Cole Davis is the author of SPSS step by step: Essentials for social and political science, published by The Policy Press on 13 February 2013, the unique and comprehensive statistics guide for social science users. In this blogpost, the first of two, he explains his approach to statistics and what motivated him to write the book.

Before using statistics in everyday life, I considered it a dry subject, perhaps for people in the money markets or for psychology students wanting to prove that a left-handed view of a house plan memorised on a dark night would be more successfully recalled by a right-handed burglar. There would be no impassioned arguments, nobody would be in denial about fundamentals, and everything would be drily abstruse.

I was totally wrong. The opinions of practitioners, teachers and students are quite diverse. They range between an insistence that only mathematical formulae can adequately describe phenomena, to a denial that statistical explanations could ever apply to data obtained in a qualitative manner. Those writers who have tried to find the middle ground have fought bravely but not always with clarity. While I know about and am influenced by the underlying mathematics, almost all of the explanations I use in the book are couched non-mathematically.

Some uses of statistical tests are fairly straightforward. Let us say, for example, that the supporters of different political parties are asked for their opinions on a proposed reform using a five point rating scale. We may find that the supporters of one political party are more inclined to be positive than the others, but we do not know if the result is likely to be merely the result of random fluctuations. A statistical analysis of the differences between the sets of supporters tells us whether or not the differences are likely to be significant or not.

Similarly, we may want to know if one psychological therapy is more effective than another at reducing individuals’ symptoms. So, smoothing out order effects by having some people starting with Therapy A and moving to Therapy B, with others being treated in the opposite order, we use statistical tests to find out if differences in therapeutic effects are a matter of chance or not.

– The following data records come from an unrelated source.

(* Multiplication by a regular [a] is an injective map [T -> T] of left
   [T]-modules; extending [1 |-> y] along it yields [z] with [z a = y]. *)
Lemma injective_divisible (M : lmodType T^c) : injective_module M -> divisible A M.
Proof.
move=> injM a y Aa.
pose la (x : T^c^o) : T^c^o := (a * (x : T) : T).
pose gy (x : T^c^o) : M := (x : T^c) *: y.
have la_lin : is_linear la by split=> [x z | s x]; rewrite /la /= ?mulrDr ?mulrA.
have la_inj : injective la.
  move=> x z Exz; apply/eqP; rewrite -subr_eq0; apply/eqP; apply: (ore_lreg Aa).
  by rewrite mulrBr [a * _]Exz subrr.
have gy_lin : is_linear gy by split=> [x z | s x]; rewrite /gy ?scalerDl ?scalerA.
have [h [[_ hZ] Hh]] := injM _ _ la gy la_lin la_inj gy_lin.
exists (h 1); have := Hh 1; rewrite /gy scale1r => <-.
by rewrite /ract -hZ; congr h; exact: etrans (mul1r a) (esym (mulr1 a)).
Qed.

(* A torsion element [y a = 0] of the hull would generate a submodule meeting
   the image of [V] in some [f v != 0]; the Ore condition makes [v] torsion. *)
Lemma hull_quot_torsion_free (V E : lmodType T^c) (f : V -> E) :
  injective_hull_quot (torsion A (V := V)) f -> torsion_free A E.
Proof.
move=> [[_ fZ] fK fess _] a y Aa ya0; apply: contrapT => y_neq0.
pose yT (x : E) := exists t, x = ract y t.
have yT_sub : submodule yT.
  split; first by exists 0; rewrite /ract scale0r.
  - by move=> _ _ [t ->] [s ->]; exists (t + s); rewrite ractDl.
  - by move=> s _ [t ->]; exists (t * s); rewrite -ractA.
have [v [[t fv] fv_neq0]] : exists v, yT (f v) /\ f v <> 0.
  by apply: fess => //; exists y; split; [exists 1; rewrite ract1 |].
have [t' [a' [Aa' Ht]]] := ore_cond t Aa.
have [b [Ab Hb]] : torsion A (ract v a').
  by apply/fK; rewrite /ract fZ -/(ract _ _) fv ractA Ht -ractA ya0 /ract scaler0.
apply: fv_neq0; apply/fK; exists (a' * b); split; first exact: oreM.
exact: etrans (esym (ractA v a' b)) Hb.
Qed.

Section TensorExtension.
Variables (V : lmodType T^c) (W : lmodType Q^c) (iota : V -> W).
Hypothesis Hiota : tensor_ext phi iota.

Definition cleared (w : W) : Prop := exists a v, A a /\ (phi a : Q^c) *: w = iota v.

Lemma cleared_submodule : submodule cleared.
Proof.
have [[iD iZ] _] := Hiota; split.
- by exists 1, 0; split; [exact: ore1 | rewrite scaler0 -(additive0 iD)].
- move=> x y [a1 [v1 [A1 H1]]] [a2 [v2 [A2 H2]]].
  have [t' [a' [Aa' E]]] := ore_cond a2 A1.
  exists (a2 * a'), ((t' : T^c) *: v1 + (a' : T^c) *: v2); split; first exact: oreM.
  rewrite scalerDr iD !iZ -H1 -H2 !scalerA.
  by congr (_ + _); [rewrite E|]; rewrite rmorphM.
- move=> q x [a [v [Aa H]]].
  have [u [c [Ac Hc]]] := fraction_clear ((phi a)^-1 * (q : Q)).
  exists c, ((u : T^c) *: v); split=> //; rewrite iZ -H !scalerA; congr (_ *: _).
  change (@GRing.mul Q q (phi c) = phi a * phi u).
  by rewrite -Hc !mulrA mulrV ?mul1r ?phi_ore_unit.
Qed.

(* [iota] factors through the submodule of cleared elements; by uniqueness in
   the universal property that factorisation composed with the inclusion is the
   identity of [W]. *)
Lemma tensor_ext_cleared w : cleared w.
Proof.
have [[iD iZ] univ] := Hiota.
pose X := sub_lmod cleared_submodule.
have iota_cleared v : iota v \in submod_pred cleared.
  by apply/asboolP; exists 1, v; split; [exact: ore1 | rewrite rmorph1 scale1r].
pose iotaX v : X := exist _ (iota v) (iota_cleared v).
have iotaX_sl : is_semilinear phi iotaX.
  by split=> [x y | t x]; apply: val_inj; rewrite /= ?iD ?iZ.
have [g [[gD gZ] g_iota _]] := univ X iotaX iotaX_sl.
have [g0 [_ _ g0_uniq]] := univ W iota (conj iD iZ).
have val_g_lin : is_linear (fun w => val (g w)) by split=> [x y | q x]; rewrite ?gD ?gZ.
have E1 := g0_uniq _ val_g_lin (fun v => congr1 val (g_iota v)) w.
have E2 := g0_uniq id (conj (fun _ _ => erefl) (fun _ _ => erefl)) (fun _ => erefl) w.
rewrite /= in E1 E2; rewrite E2 -E1; exact/asboolP/(valP (g w)).
Qed.

End TensorExtension.

Lemma span_res_cleared (E : lmodType Q^c) (s : seq E) x :
  span s x -> exists2 d, A d & @span _ (res_lmod phi E) s ((phi d : Q^c) *: x).
Proof.
move=> [c ->]; have [d [r [Ad Hr]]] := common_denominator [seq c i | i <- enum 'I_(size s)].
exists d => //; exists (fun i => r (c i)); rewrite scaler_sumr.
apply: eq_bigr => i _; rewrite scalerA.
change ((@GRing.mul Q (c i) (phi d) : Q^c) *: s`_i = (phi (r (c i)) : Q^c) *: s`_i).
by rewrite Hr // map_f ?mem_enum.
Qed.

(* A descending chain of [Q]-submodules inside the [Q]-span of [s] is traced,
   through [h], by the chain of their intersections with the [T]-span of [s];
   clearing denominators recovers the [Q]-submodules from these traces. *)
Lemma locally_artinian_embed (E : lmodType Q^c) (E' : lmodType T^c)
    (h : res_lmod phi E -> E') :
  is_linear h -> injective h -> locally_artinian E' -> locally_artinian E.
Proof.
move=> hlin hinj LA N _ [s Ns] C sC C0 Cdec.
pose ST := @span _ (res_lmod phi E) s.
pose D n y := exists x, (C n x /\ ST x) /\ y = h x.
have [n0 Dn0] : exists n0, forall m, (n0 <= m)%N -> forall y, D m y <-> D n0 y.
  apply: (LA _ (span_submodule _) (fin_gen_span (map h s))).
  - move=> n; apply: (submodule_image hlin).
    by apply: submoduleI; [exact: submodule_res | exact: span_submodule].
  - by move=> y [x [[_ STx] ->]]; apply: linear_span.
  - by move=> n y [x [[Cx STx] ->]]; exists x; split=> //; split=> //; apply: Cdec.
exists n0 => m le_n0m x; split; first exact: chain_le.
move=> Cx; have Nx : N x by apply/C0/(chain_le Cdec (leq0n n0)).
have [d Ad STdx] := span_res_cleared (proj1 (Ns x) Nx).
have Cdx : C n0 ((phi d : Q^c) *: x) by case: (sC n0) => _ _; apply.
have [x' [[Cx' _] hx']] :=
  proj2 (Dn0 m le_n0m _) (ex_intro _ _ (conj (conj Cdx STdx) erefl)).
rewrite -(rscaleK (phi_ore_unit Ad) x) (hinj _ _ hx').
by case: (sC m) => _ _; apply.
Qed.

Lemma ker_res_submodule (E : lmodType Q^c) (E' : lmodType T^c)
    (h : res_lmod phi E -> E') :
  torsion_free A E' -> is_linear h -> submodule (fun x : E => h x = 0).
Proof.
move=> tfE' [hD hZ]; have hZT t (x : E) : h ((phi t : Q^c) *: x) = ract (h x) t := hZ t x.
split; first exact: additive0 hD.
- by move=> x y hx hy; rewrite hD hx hy addr0.
- move=> q x hx; have [t [a [Aa Hq]]] := fraction_clear q.
  apply: (tfE' _ _ Aa); rewrite -hZT scalerA.
  have -> : (phi a : Q^c) * q = phi t by exact: Hq.
  by rewrite hZT hx /ract scaler0.
Qed.

(* A nonzero kernel contains some [e w != 0], by essentiality, with [w a = iota v];
   then [f v = g (iota v) = 0], so [v] is torsion, [iota v = 0] and [w = 0]. *)
Lemma hull_extension_injective (V : lmodType T^c) (W E : lmodType Q^c) (E' : lmodType T^c)
    (iota : V -> W) (e : W -> E) (f : V -> E') (g : W -> E') (h : res_lmod phi E -> E') :
  tensor_ext phi iota -> injective_hull e -> torsion_free A E' ->
  (forall v, f v = 0 -> torsion A v) -> (forall v, g (iota v) = f v) ->
  (forall t w, g ((phi t : Q^c) *: w) = ract (g w) t) ->
  is_linear h -> (forall w, h (e w) = g w) -> injective h.
Proof.
move=> Hiota [[eD _] _ e_ess _] tfE' fK g_iota gZ hlin he.
have [[iD iZ] _] := Hiota.
apply: additive_inj (proj1 hlin) _ => x hx; apply: contrapT => x_neq0.
have [w [hew ew_neq0]] :=
  e_ess _ (ker_res_submodule tfE' hlin) (ex_intro _ x (conj hx x_neq0)).
have [a [v [Aa av]]] := tensor_ext_cleared Hiota w.
have [b [Ab bv]] : torsion A v.
  by apply: fK; rewrite -g_iota -av gZ -he hew /ract scaler0.
have iv0 : iota v = 0.
  by rewrite -(rscaleK (phi_ore_unit Ab) (iota v)) -iZ bv (additive0 iD) scaler0.
have w0 : w = 0 by rewrite -(rscaleK (phi_ore_unit Aa) w) av iv0 scaler0.
by apply: ew_neq0; rewrite w0 (additive0 eD).
Qed.

End OreLocalization.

Slightly more controversially, we can move away from the analysis of differences to the examination of relationships: correlations. Imagine the researcher having a hunch that the longer a person belongs to a real ale society, the shorter the duration of their personal relationships. Significant results from tests of correlation may tell us that we are on to something, but correlations do not distinguish cause from effect. Excessive drinking may have a negative effect on relationships, but it is also possible that relationship problems have spurred individuals to consolation at the bar. “My husband doesn’t understand me” may be the cry of the forlorn.

For insights into cause and effect the researcher will probably use qualitative methodology, perhaps interviewing spouses, running focus groups of marital therapists or even ascertaining the views of long-suffering bar staff. This is where many people who refer to themselves as qualitative researchers deny the possibility of using quantitative methods. The core claim is that the material can not be compared or contrasted in any way without detracting from its meaning.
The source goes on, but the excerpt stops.